Inspired by the recent question about 2d grids in Haskell, I'm wondering if it would be possible to create a two-dimensional zipper to keep track of a position in a list of lists. A one-dimensional zipper on a list allows us to really efficiently move locally in a large list (the common example being a text editor). But lets say we have a second dimension like this:
grid =
[[ 1, 2, 3, 4, 5]
,[ 6, 7, 8, 9,10]
,[11,12,13,14,15]
,[16,17,18,19,20]
,[21,22,23,24,25]]
Can we create some kind of zipper data structure to efficiently move not only left and right but up and down in the grid here? If so, what if we replace the list of lists with an infinite list of infinite lists, can we still get efficient movement?
Not quite, no. One of the key aspects of how zippers work is that they represent a location in a structure by a path used to reach it, plus extra fragments created along the way, with the end result that you can backtrack along that path and rebuild the structure as you go. The nature of the paths available through the data structure thus constrains the zipper.
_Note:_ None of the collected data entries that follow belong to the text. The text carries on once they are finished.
Lemma evorth_nth Y L k l : pairwise (evorth Y) L ->
  (k < size L)%N -> (l < size L)%N -> k != l ->
  evdot Y (nth 0 L k) (nth 0 L l) = 0.
Proof.
move=> /(pairwiseP 0) L_orth k_lt l_lt; rewrite neq_ltn => /orP [kl|lk].
  exact/eqP/L_orth.
by rewrite evdotC; apply/eqP/L_orth.
Qed.

Lemma gram_evorth Y L : pairwise (evorth Y) L ->
  forall k l : 'I_(size L), k != l -> ((evmx L Y)^T *m evmx L Y) k l = 0.
Proof. by move=> L_orth k l kl; rewrite evmx_gram evorth_nth. Qed.

Lemma evproj_nth Y L c :
  evproj Y L c = \sum_(k < size L) evcoef Y (nth 0 L k) c *: nth 0 L k.
Proof. by rewrite /evproj (big_nth 0) big_mkord. Qed.

Lemma evproj_orth Y L c g : pairwise (evorth Y) L -> g \in L ->
  evdot Y g (c - evproj Y L c) = 0.
Proof.
move=> L_orth /(nthP 0) [k k_lt <-].
rewrite evdotBr evproj_nth evdot_sumr (bigD1 (Ordinal k_lt)) //= big1 ?addr0.
  rewrite evdotZr /evcoef.
  have [g0|g_neq0] := eqVneq (evdot Y (nth 0 L k) (nth 0 L k)) 0.
    by rewrite (evdotxx_eq0 c g0) !mul0r subrr.
  by rewrite (divfK g_neq0) subrr.
move=> l; rewrite -val_eqE /= eq_sym => lk.
by rewrite evdotZr evorth_nth ?mulr0.
Qed.

Lemma evcoef_scale Y (k : R) f c :
  k != 0 -> evcoef Y (k *: f) c *: (k *: f) = evcoef Y f c *: f.
Proof.
move=> k_neq0; rewrite /evcoef !evdotZl !evdotZr scalerA.
have [f0|f_neq0] := eqVneq (evdot Y f f) 0; first by rewrite f0 !(mulr0, invr0, mul0r).
by f_equal; field; rewrite k_neq0 f_neq0.
Qed.

Definition evgdot Y f g : R := \sum_(i < n) evdot Y (mderiv i f) (mderiv i g).

Lemma Ngmx_evgdot H Y (k l : 'I_(size H)) :
  Ngmx H Y k l = evgdot Y (nth 0 H k) (nth 0 H l).
Proof.
rewrite /Ngmx mxE (reindex _ (curry_mxvec_bij _ _)) /= /evgdot.
under [RHS]eq_bigr => i _ do rewrite /evdot (big_nth 0) big_mkord.
rewrite pair_big /=; apply: eq_bigr => -[i y] _ /=.
by rewrite !mxE /vecmx !mxvecE !mxE.
Qed.

End SampleInnerProduct.

Section VCAStep.
Variables (R : rcfType) (n : nat).
Implicit Types (Y : seq 'rV[R]_n) (eps : R) (Fs : seq (seq {mpoly R[n]}))
  (C Ft Gt : seq {mpoly R[n]}).

(* [vca_Cpre Fs] and [vca_C P] are the let-bound C_t^pre and C_t of
   [vca_step], and [vca_eigsplit] is its part (S2)-(S3). *)
Definition vca_Cpre Fs : seq {mpoly R[n]} :=
  if size Fs == 1%N then [seq 'X_i | i <- enum 'I_n]
  else [seq p * q | p <- nth [::] Fs 1, q <- nth [::] Fs (size Fs).-1].

Definition vca_C Y Fs (P : 'M[R]_(size (flatten Fs), size Y)) : seq {mpoly R[n]} :=
  [seq nth 0 (vca_Cpre Fs) j -
       lincomb (flatten Fs) (fun k => (P *m evmx (vca_Cpre Fs) Y) k j)
  | j : 'I_(size (vca_Cpre Fs)) <- enum 'I_(size (vca_Cpre Fs))].

Definition vca_eigsplit Y eps C Ft Gt : Prop :=
  exists (V : 'M[R]_(size C)) (lam : 'rV[R]_(size C)),
    (evmx C Y)^T *m evmx C Y *m V = Ngmx C Y *m V *m diag_mx lam /\
    V^T *m Ngmx C Y *m V = 1%:M /\
    Ft = [seq lincomb C (fun j => V j i) |
           i <- enum 'I_(size C) & eps < Num.sqrt (lam ord0 i)] /\
    Gt = [seq lincomb C (fun j => V j i) |
           i <- enum 'I_(size C) & Num.sqrt (lam ord0 i) <= eps].

Lemma vca_stepE Y eps Fs Ft Gt :
  vca_step Y eps Fs Ft Gt <->
  exists P, is_pinv (evmx (flatten Fs) Y) P /\ vca_eigsplit Y eps (vca_C P) Ft Gt.
Proof. by []. Qed.
Lemma PX0 P (g : {poly K}) : (forall p, P p -> p = 0) -> PX P g -> g = 0.
Proof. by move=> h hg; apply/polyP => k; rewrite coef0; apply: h. Qed.

Lemma prime_sub P x : prime_ideal D P -> P x -> D x.
Proof. by case=> h _ _ _ _; apply: h. Qed.

Lemma prime_not1 P : prime_ideal D P -> ~ P 1.
Proof. by case=> _ _ _ _ []. Qed.

Lemma PX_zero_prime P (g : {poly K}) : ~ (exists p, P p /\ p != 0) -> PX P g -> g = 0.
Proof.
move=> nP; apply: PX0 => p Pp; apply: contrapT => /eqP pnz.
by apply: nP; exists p.
Qed.

Lemma prime_outside_neq0 P b : prime_ideal D P -> ~ P b -> b != 0.
Proof. by move=> hP; apply: contra_notN => /eqP ->; case: hP. Qed.

(* Gauss's lemma: P[X] is a prime ideal of D[X].  Compare the coefficient
   of index i + j of f * g, where f_i and g_j are the first coefficients of
   f and g outside P. *)
Lemma PX_prime P (f g : {poly K}) : prime_ideal D P -> DX D f -> DX D g ->
  PX P (f * g) -> PX P f \/ PX P g.
Proof.
move=> hP hf hg hfg; apply: contrapT => /not_orP [nf ng].
have [i0 fi0] : exists i, ~ P f`_i by apply/existsNP.
have [j0 gj0] : exists j, ~ P g`_j by apply/existsNP.
have [i [fi mi]] := @least_index (fun i => ~ P f`_i) _ fi0.
have [j [gj mj]] := @least_index (fun j => ~ P g`_j) _ gj0.
have hm := submodule_prime hP.
have hi : (i < (i + j).+1)%N by rewrite ltnS leq_addr.
have := hfg (i + j); rewrite coefM (bigD1 (Ordinal hi)) //= addKn.
set r := \sum_(a < _ | _) _ => hs.
have hr : P r.
  case: (hm) => h0 h1 _; apply: (big_ind P) => // a ha.
  have ha' : (nat_of_ord a != i) by apply: contra ha => /eqP h; apply/eqP; apply: val_inj.
  case: (ltngtP a i) => [lt|gt|eq]; last by rewrite eq eqxx in ha'.
    by apply: (submodule_mulr hm (hg _)); apply: contrapT; apply: mi.
  rewrite mulrC; apply: (submodule_mulr hm (hf _)).
  apply: contrapT; apply: mj; rewrite ltn_subLR; last by rewrite -ltnS.
  by rewrite ltn_add2r.
have : P (f`_i * g`_j) by rewrite -(addrK r (f`_i * g`_j)); apply: submoduleB.
by case: hP => _ _ _ _ [_ /(_ _ _ (hf i) (hg j))] /[apply] [[]].
Qed.
(* Let $a\in\mathbb D$ and $0\le\gamma<2\pi$, and put $a'=|1+a|-1$ and $\gamma_a=\arg(1+\overline a)$. Let $f=h+\overline g\in\mathcal S(H^a_\gamma)$ and assume $g'(0)=a'e^{2i(\gamma+\gamma_a)}$. Then $a'\in(-1,1)$, $|g'(0)|<1$, and for all $z\in\mathbb D$ $$h(z)+e^{-2i(\gamma+\gamma_a)}g(z)=\frac{(1+a')z}{1-e^{i(\gamma+\gamma_a)}z}.$$
   Context: $\mathbb D$ is the open unit disk. A harmonic map $f$ on $\mathbb D$ is written canonically as $f=h+\overline g$ with $h,g$ analytic in $\mathbb D$ and $g(0)=0$. $\mathcal H$ is the set of such $f$ with $h(0)=g(0)=0$ and $h'(0)=1$. $f$ is sense-preserving if $|h'(z)|>|g'(z)|$ on $\mathbb D$. $\mathcal S_H$ is the set of sense-preserving univalent $f\in\mathcal H$. For $a\in\mathbb D$ and $0\le\gamma<2\pi$, $H^a_\gamma=\{w\in\mathbb C:\ \mathrm{Re}\big(\tfrac{e^{i\gamma}}{1+a}w\big)>-\tfrac12\}$ and $\mathcal S(H^a_\gamma)$ denotes the set of $f\in\mathcal S_H$ with $f(\mathbb D)=H^a_\gamma$ (slanted half-plane mappings). Here $\gamma_a=\arg(1+\overline a)$, so $1+a=|1+a|e^{-i\gamma_a}$. *)

From Stdlib Require Import Reals.
Open Scope R_scope.

Definition Cplx : Type := (R * R)%type.
Definition Re (z : Cplx) : R := fst z.
Definition Im (z : Cplx) : R := snd z.
Definition RtoC (x : R) : Cplx := (x, 0).
Definition Czero : Cplx := (0, 0).
Definition Cone : Cplx := (1, 0).
Definition Cadd (z w : Cplx) : Cplx := (Re z + Re w, Im z + Im w).
Definition Copp (z : Cplx) : Cplx := (- Re z, - Im z).
Definition Csub (z w : Cplx) : Cplx := Cadd z (Copp w).
Definition Cmul (z w : Cplx) : Cplx :=
  (Re z * Re w - Im z * Im w, Re z * Im w + Im z * Re w).
Definition Cconj (z : Cplx) : Cplx := (Re z, - Im z).
Definition Cmod (z : Cplx) : R := sqrt (Re z * Re z + Im z * Im z).
Definition Cinv (z : Cplx) : Cplx :=
  (Re z / (Re z * Re z + Im z * Im z), - Im z / (Re z * Re z + Im z * Im z)).
Definition Cdiv (z w : Cplx) : Cplx := Cmul z (Cinv w).
Definition Cexpi (t : R) : Cplx := (cos t, sin t).

Definition inD (z : Cplx) : Prop := Cmod z < 1.

Definition has_cderiv (f : Cplx -> Cplx) (z l : Cplx) : Prop :=
  forall eps : R, 0 < eps -> exists delta : R, 0 < delta /\
    forall w : Cplx, 0 < Cmod w < delta ->
      Cmod (Csub (Cdiv (Csub (f (Cadd z w)) (f z)) w) l) < eps.

Definition harm (h g : Cplx -> Cplx) (z : Cplx) : Cplx := Cadd (h z) (Cconj (g z)).

(* f = h + conj g belongs to S_H, given the (complex) derivatives h', g' of
   the analytic functions h, g on D *)
Definition in_SH (h h' g g' : Cplx -> Cplx) : Prop :=
  (forall z, inD z -> has_cderiv h z (h' z)) /\
  (forall z, inD z -> has_cderiv g z (g' z)) /\
  h Czero = Czero /\ g Czero = Czero /\ h' Czero = Cone /\
  (forall z, inD z -> Cmod (g' z) < Cmod (h' z)) /\
  (forall z1 z2, inD z1 -> inD z2 -> harm h g z1 = harm h g z2 -> z1 = z2).

Definition in_Hag (a : Cplx) (gamma : R) (w : Cplx) : Prop :=
  Re (Cmul (Cdiv (Cexpi gamma) (Cadd Cone a)) w) > - (1/2).

Definition maps_onto_Hag (h g : Cplx -> Cplx) (a : Cplx) (gamma : R) : Prop :=
  forall w, (exists z, inD z /\ harm h g z = w) <-> in_Hag a gamma w.

(* e^{i gamma_a} with gamma_a = arg(1 + conj a), i.e. (1 + conj a)/|1 + conj a| *)
Definition expi_gamma_a (a : Cplx) : Cplx :=
  Cdiv (Cadd Cone (Cconj a)) (RtoC (Cmod (Cadd Cone (Cconj a)))).

Definition aprime (a : Cplx) : R := Cmod (Cadd Cone a) - 1.

(* With phi = e^{i gamma} / (1 + a), the analytic function k = phi h + conj(phi) g
   satisfies Re (phi f) = Re k, so k maps the disk into the half-plane
   Re w > -1/2 and omega = k / (1 + k) maps the disk into itself with omega(0) = 0.
   The normalisation of g'(0) makes omega'(0) = e^{i (gamma + gamma_a)} unimodular,
   so by the equality case of Schwarz's lemma omega is that rotation, and solving
   for k gives the formula.  Only f(D) being contained in the half-plane, the
   normalisation and the analyticity of h and g are used.

   Schwarz's lemma and its equality case come from the mean value property on
   circles, applied to omega(z)/z composed with disk automorphisms; the mean value
   property in turn comes from Goursat's theorem on polar rectangles. *)

From Coquelicot Require Import Coquelicot.
From Stdlib Require Import Reals Lra Psatz Lia Arith.
Open Scope R_scope.

(** * Complex arithmetic *)

Ltac Cunfold :=
  unfold Csub, Cdiv, Cadd, Copp, Cmul, Cconj, Cinv, RtoC, Czero, Cone, Cexpi in *;
  unfold Re, Im in *.

Lemma Cplx_ext (z w : Cplx) : Re z = Re w -> Im z = Im w -> z = w.
Proof. destruct z, w; simpl; intros -> ->; reflexivity. Qed.

Ltac Cext := apply Cplx_ext; Cunfold; simpl.

Lemma Cplx_ring : ring_theory Czero Cone Cadd Cmul Csub Copp (@eq Cplx).
Proof. constructor; intros; Cext; ring. Qed.

Add Ring Cplx_ring : Cplx_ring.

Lemma Ceq_dec (z w : Cplx) : {z = w} + {z <> w}.
Proof.
  destruct z as [a b], w as [c d].
  destruct (Req_EM_T a c) as [<-|n]; [destruct (Req_EM_T b d) as [<-|n]|];
    [left; reflexivity | right; intros E; injection E; auto ..].
Qed.

Definition Cnorm2 (z : Cplx) : R := Re z * Re z + Im z * Im z.

Lemma Cnorm2_ge0 z : 0 <= Cnorm2 z.
Proof. unfold Cnorm2; nra. Qed.

Lemma Cnorm2_mul z w : Cnorm2 (Cmul z w) = Cnorm2 z * Cnorm2 w.
Proof. unfold Cnorm2; destruct z, w; Cunfold; simpl; ring. Qed.

Lemma Cmod_ge0 z : 0 <= Cmod z.
Proof. apply sqrt_pos. Qed.

Lemma Cmod_sqr z : Cmod z * Cmod z = Cnorm2 z.
Proof. apply sqrt_sqrt, Cnorm2_ge0. Qed.

Lemma Cmod_unique z r : 0 <= r -> r * r = Cnorm2 z -> Cmod z = r.
Proof. intros Hr E; unfold Cmod; fold (Cnorm2 z); rewrite <- E; apply sqrt_square, Hr. Qed.

Lemma Cmod_le_of_Cnorm2 z r : 0 <= r -> Cnorm2 z <= r * r -> Cmod z <= r.
Proof.
  intros Hr H. apply Rsqr_incr_0_var; auto. unfold Rsqr; rewrite Cmod_sqr; exact H.
Qed.

Lemma Cmod_lt1_Cnorm2 z : Cmod z < 1 <-> Cnorm2 z < 1.
Proof. rewrite <- Cmod_sqr; pose proof (Cmod_ge0 z); split; intros; nra. Qed.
Because locations are identified by paths, each distinct path represents a different location, so any data structure with multiple paths to the same value can't be used with a zipper--for example, consider a cyclic list, or any other structure with looping paths.
Arbitrary movement in 2D space doesn't really fit the above requirements, so we can deduce that a 2D zipper would necessarily be somewhat limited. Perhaps you'd start from the origin, walk a path through the structure, and then backtrack along that path some distance in order to reach other points, for example. This also implies that for any point in the structure, there are other points that can only be reached via the origin.
What you can do is build some notion of 2D distance into the data structure, so that as you follow a path down through the structure, the points "below" you are close to each other; the idea is to minimize the amount of backtracking needed on average to move a short distance in 2D space. This ends up being roughly the same approach needed to search 2D space by distance--nearest neighbor searches, efficient geometric intersection, that sort of thing--and can be done with the same kind of data structure, namely space partitioning to create a higher-dimensional search tree. Implementing a zipper for a quadtree, a kd-tree, or similar structures is straightforward, just like any other tree.